What Babies Teach Us
There is no denying that babies are the most adorable creatures on earth. Any baby is as pure as an angel and as fresh as a blooming rose flower. While we spend most of our time with them teaching them and guiding them along the way, they teach us a few things too, especially about what pure and true love is. The expectation is that things should always be the other way around: we teaching the babies, and not vice versa. However, babies have a host of important lessons for us as adults, but only if we pay attention to their whispers.
The first lesson from babies is that we are not islands. Instead, we are intricately dependent on people who provide us the support system we need to get along in an otherwise very unforgiving and tough world. It is common to see people play it tough and act like they've got it all under control. To have survived to adulthood, however, we forget that we had to depend on an extraordinary amount of care from those around us. Too often we underestimate the power of a touch, a smile, a kind word, a listening ear, an honest compliment, or the smallest act of caring, all of which have the magical ability to turn a life around. A baby is a reminder that no one makes themselves and therefore indebted to people who care for us.
Babies teach us what true love is. As adults, we tend to give love chiefly because of what others can do for us. For us adults, love is practically a quid pro quo affair. But look at any baby, he doesn't deserve much of anything. He can't do anything for anyone: he cries too much and he's practically asleep most of the time. Yet we devote ourselves to him nevertheless.
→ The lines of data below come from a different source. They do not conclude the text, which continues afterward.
Lemma wsum_centered2 p f g x y :
  \sum_j p j * (f j - x) * (g j - y) =
  \sum_j p j * f j * g j - y * \sum_j p j * f j - x * \sum_j p j * g j + x * y * \sum_j p j.
Proof. by rewrite !mulr_sumr -!sumrB -big_split /=; apply: eq_bigr => j _; ring. Qed.

Lemma wsum_centeredD p A B c : \sum_j p j = 1 ->
  \sum_j p j * ((A j + B j) - \sum_l p l * (A l + B l)) * c j
  = \sum_j p j * (A j - \sum_l p l * A l) * (c j - \sum_l p l * c l)
    + \sum_j p j * B j * (c j - \sum_l p l * c l).
Proof.
move=> sum_p1.
have meanD : \sum_l p l * (A l + B l) = \sum_l p l * A l + \sum_l p l * B l.
  by rewrite -big_split /=; apply: eq_bigr => l _; ring.
have sumD : \sum_j p j * (A j + B j) * c j = \sum_j p j * A j * c j + \sum_j p j * B j * c j.
  by rewrite -big_split /=; apply: eq_bigr => j _; ring.
have centerB : \sum_j p j * B j * (c j - \sum_l p l * c l)
    = \sum_j p j * B j * c j - (\sum_l p l * c l) * \sum_j p j * B j.
  by rewrite mulr_sumr -sumrB; apply: eq_bigr => j _; ring.
rewrite meanD wsum_centered1 wsum_centered2 sum_p1 centerB sumD.
move: (\sum_j p j * A j * c j) (\sum_j p j * B j * c j) (\sum_l p l * A l)
  (\sum_l p l * B l) (\sum_l p l * c l) => a b x y z.
ring.
Qed.

End CenteredSums.

Section AttentionDerivative.
Context {R : realType} {m d : nat} (W V : 'M[R]_d) (S D U : 'M[R]_(m, d)).

Definition dscore (i j : 'I_m) : R :=
  dot (mv W (row i D)) (row j S) + dot (mv W (row i S)) (row j D).

Definition vpair (X : 'M[R]_(m, d)) (i j : 'I_m) : R := dot (row i U) (mv V (row j X)).

Definition att_deriv : R :=
  \sum_i \sum_j (attn W S i j * (dscore i j - \sum_l attn W S i l * dscore i l) * vpair S i j
                 + attn W S i j * vpair D i j).

Variable G : R.
Hypotheses (G_gt0 : 0 < G) (S_valid : valid_input S).
Hypotheses (W_le : opnorm W <= G / 2) (V_le1 : opnorm V <= 1).
Hypothesis U_le1 : forall i, norm2 (row i U) <= 1.

Let vpair_le i x : `|dot (row i U) (mv V x)| <= norm2 x.
Proof.
apply: le_trans (norm_dot_le _ _) _; rewrite -[X in _ <= X]mul1r.
by apply: ler_pM; rewrite ?norm2_ge0 // -[X in _ <= X]mul1r norm2_mv_le.
Qed.

Let mulr_le_norm (a b x y : R) : `|a| <= x -> `|b| <= y -> a * b <= x * y.
Proof.
move=> ax yb; apply: le_trans (ler_norm _) _; rewrite normrM.
by apply: ler_pM; rewrite ?normr_ge0.
Qed.

(* By [wsum_centeredD], moving the query [row i S] contributes a covariance under
   the softmax weights, bounded through the attention variance, while moving the
   keys contributes terms of size [G |D_j|]. *)
Lemma att_deriv_row_le i :
  \sum_j (attn W S i j * (dscore i j - \sum_l attn W S i l * dscore i l) * vpair S i j
          + attn W S i j * vpair D i j)
  <= G / 2 * norm2 (row i D) * \sum_j attn W S i j * norm2 (row j S - attn_mean W S i) ^+ 2
     + (1 + G) * \sum_j attn W S i j * norm2 (row j D).
Proof.
set p := attn W S i; set mu := attn_mean W S i.
have p0 j : 0 <= p j by exact: attn_ge0.
have G2 : 0 <= G / 2 by rewrite divr_ge0 // ltW.
rewrite big_split /= /dscore (wsum_centeredD _ _ _ (sum_attn W S i)) -/p.
have meanA : \sum_l p l * dot (mv W (row i D)) (row l S) = dot (mv W (row i D)) mu.
  by rewrite /mu /attn_mean dot_sumr; apply: eq_bigr => l _; rewrite dotZr.
have meanc : \sum_l p l * vpair S i l = dot (row i U) (mv V mu).
  by rewrite /mu /attn_mean mv_sum dot_sumr; apply: eq_bigr => l _; rewrite mvZ dotZr.
have dev_le2 j : norm2 (row j S - mu) <= 2.
  apply: le_trans (norm2B_le _ _) _.
  by have := S_valid j; have := attn_mean_norm_le1 W S_valid i; lra.
have cov_le : \sum_j p j * (dot (mv W (row i D)) (row j S) - dot (mv W (row i D)) mu)
      * (vpair S i j - dot (row i U) (mv V mu))
    <= G / 2 * norm2 (row i D) * \sum_j p j * norm2 (row j S - mu) ^+ 2.
  rewrite mulr_sumr; apply: ler_sum => j _.
  set e := norm2 (row j S - mu).
  have -> : G / 2 * norm2 (row i D) * (p j * e ^+ 2) = p j * (G / 2 * norm2 (row i D) * e * e).
    by ring.
  rewrite -mulrA; apply: ler_wpM2l => //; apply: mulr_le_norm; first by rewrite -dotBr norm_dot_mv_le.
  by rewrite /vpair -dotBr -mvB vpair_le.
have key_le : \sum_j p j * dot (mv W (row i S)) (row j D) * (vpair S i j - dot (row i U) (mv V mu))
    <= G * \sum_j p j * norm2 (row j D).
  rewrite mulr_sumr; apply: ler_sum => j _.
  have -> : G * (p j * norm2 (row j D)) = p j * (G / 2 * 1 * norm2 (row j D) * 2) by field.
  rewrite -mulrA; apply: ler_wpM2l => //; apply: mulr_le_norm.
    apply: le_trans (norm_dot_mv_le _ _ W_le) _.
    by rewrite ler_wpM2r ?norm2_ge0 // ler_wpM2l.
  by apply: le_trans (dev_le2 j); rewrite /vpair -dotBr -mvB vpair_le.
have value_le : \sum_j p j * vpair D i j <= \sum_j p j * norm2 (row j D).
  apply: ler_sum => j _; apply: ler_wpM2l => //.
  exact: le_trans (ler_norm _) (vpair_le _ _).
rewrite meanA meanc; lra.
Qed.

Hypothesis m_gt0 : (0 < m)%N.

(* Summing the row bounds and exchanging the order of summation, the factor in
   front of [norm2 (row k D)] is the one of [attn_col_variance_le]. *)
Lemma att_deriv_le : att_deriv <= (1 + G) * expR G * norm21 D.
Proof.
apply: le_trans (ler_sum _ (fun i _ => att_deriv_row_le i)) _.
rewrite big_split /=.
have -> : \sum_i (1 + G) * \sum_j attn W S i j * norm2 (row j D)
    = \sum_k norm2 (row k D) * ((1 + G) * \sum_i attn W S i k).
  transitivity (\sum_i \sum_j (1 + G) * (attn W S i j * norm2 (row j D))).
    by apply: eq_bigr => i _; rewrite mulr_sumr.
  rewrite exchange_big; apply: eq_bigr => k _.
  by rewrite !mulr_sumr; apply: eq_bigr => i _; ring.
rewrite /norm21 mulr_sumr -big_split /=; apply: ler_sum => k _.
have := ler_wpM2l (norm2_ge0 (row k D)) (attn_col_variance_le m_gt0 S_valid G_gt0 W_le k).
lra.
Qed.

End AttentionDerivative.

Section Derivatives.
Context {R : realType}.

Lemma is_derive_bigsum n (h : 'I_n -> R -> R) (dh : 'I_n -> R) (t : R) :
  (forall i, is_derive t 1 (h i) (dh i)) ->
  is_derive t 1 (fun x => \sum_i h i x) (\sum_i dh i).
Proof.
move=> dh_h; have -> : (fun x => \sum_i h i x) = \sum_i h i.
  by apply/funext => x; rewrite fct_sumE.
exact: is_derive_sum.
Qed.

Lemma is_derive1M (f g : R -> R) (df dg t : R) :
  is_derive t 1 f df -> is_derive t 1 g dg ->
  is_derive t 1 (fun x => f x * g x) (f t * dg + g t * df).
Proof. exact: is_deriveM. Qed.

Lemma is_derive1V (f : R -> R) (df t : R) : f t != 0 -> is_derive t 1 f df ->
  is_derive t 1 (fun x => (f x)^-1) (- (f t) ^- 2 * df).
Proof. exact: is_deriveV. Qed.

Lemma is_derive_dot_line n (x y x' y' : 'rV[R]_n) (t : R) :
  is_derive t 1 (fun s => dot (x + s *: y) (x' + s *: y'))
    (dot y (x' + t *: y') + dot (x + t *: y) y').
Proof.
have line (a b : R) : is_derive t 1 (fun s => a + s * b) b.
  apply: is_derive_eq (is_deriveD (is_derive_cst a t 1)
    (is_derive1M (is_derive_id t 1) (is_derive_cst b t 1))) _.
  by rewrite mulr0 mulr1 !add0r.
have -> : (fun s => dot (x + s *: y) (x' + s *: y')) =
          (fun s => \sum_k (x 0 k + s * y 0 k) * (x' 0 k + s * y' 0 k)).
  by apply/funext => s; apply: eq_bigr => k _; rewrite !mxE.
apply: is_derive_eq (is_derive_bigsum (fun k => is_derive1M (line _ _) (line _ _))) _.
rewrite /dot -big_split /=; apply: eq_bigr => k _; rewrite !mxE; ring.
Qed.

Lemma is_derive_softmax_avg m (s c : 'I_m -> R -> R) (ds dc : 'I_m -> R) (t : R) :
  (forall j, is_derive t 1 (s j) (ds j)) -> (forall j, is_derive t 1 (c j) (dc j)) ->
  is_derive t 1 (fun x => \sum_j expR (s j x) / (\sum_l expR (s l x)) * c j x)
    (\sum_j (expR (s j t) / (\sum_l expR (s l t))
                * (ds j - \sum_l expR (s l t) / (\sum_k expR (s k t)) * ds l) * c j t
              + expR (s j t) / (\sum_l expR (s l t)) * dc j)).
Proof.
move=> ds_s dc_c; apply: is_derive_bigsum => j.
set Z := \sum_l expR (s l t).
have Z0 : Z != 0.
  rewrite gt_eqF // /Z (bigD1 j) //= ltr_pwDl ?expR_gt0 //.
  by apply: sumr_ge0 => l _; exact/ltW/expR_gt0.
have dexp l : is_derive t 1 (fun x => expR (s l x)) (expR (s l t) * ds l).
  exact: is_derive1_comp.
have dZ := is_derive1V Z0 (is_derive_bigsum dexp).
apply: is_derive_eq (is_derive1M (is_derive1M (dexp j) dZ) (dc_c j)) _.
have -> : \sum_l expR (s l t) / Z * ds l = (\sum_l expR (s l t) * ds l) / Z.
  by rewrite mulr_suml; apply: eq_bigr => l _; ring.
by rewrite -/Z; field.
Qed.

End Derivatives.

Section AttentionLipschitz.
Context {R : realType} {m d : nat}.
Implicit Types (W V : 'M[R]_d) (S D U X : 'M[R]_(m, d)).

Lemma exists_dual_rows X : exists U,
  (forall i, norm2 (row i U) <= 1) /\ forall i, dot (row i U) (row i X) = norm2 (row i X).
Proof.
exists (\matrix_i ((norm2 (row i X))^-1 *: row i X)).
have rowU i : row i (\matrix_i ((norm2 (row i X))^-1 *: row i X)) = (norm2 (row i X))^-1 *: row i X.
  by rewrite rowK.
split => i; rewrite rowU; have [X0|X0] := eqVneq (norm2 (row i X)) 0.
- by rewrite X0 invr0 scale0r norm2_0.
- by rewrite norm2Z ger0_norm ?invr_ge0 ?norm2_ge0 // mulVf.
- by rewrite X0 invr0 scale0r dot0l.
- by rewrite dotZl -sqr_norm2 expr2 mulKf.
Qed.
A baby teaches us about the truest, purest kind of love, which means giving affection without expecting anything in return. That we should give help simply because one needs help and another happens to be in a position to give it. It is often very easy to think the worst of people whenever they do something we do not approve of. However, babies teach us that people are usually just tired and scared, not inherently mean. A baby may cry when he's having discomfort. He can't, however, tell us what is wrong with him. We often have to guess. What's amazing about this is how generous we often are in interpreting what could be wrong when a baby cries. When a baby cries, we rarely accuse him of being mean. When he hits or kicks, we are never too quick to judge. Instead, we often try to make him as much comfortable as we can, and this often works. Imagine how it would be if we could be similarly imaginative around adults. If only we could look beneath their surface behaviors, unpleasantness, capriciousness, viciousness, and grumpiness, and assume that he or she could just be at pain or exhausted.
Babies teach us about hope. Irrespective of how cynical you are about life, hanging out with babies would most definitely change your perspective on life and give you hope that we all desperately need. It is easy to get sickened by our species' greed, status consciousness, and vanity. We should hang out with him as a corrective. He doesn't care what you do, where you live, what car you drive, or how much you are making. He only cares about laughter, smiles, friendship, and people who are generally nice to him.
Remember, we were all like this once. It is the society that corrupted our once pristine minds and encouraged our unhealthy impulses. A baby is a political philosopher who constantly ponders how we might all be if only the world would be newly and better arranged. Let's not shy away from hanging out with babies, and most of all, learning from these little cherubs.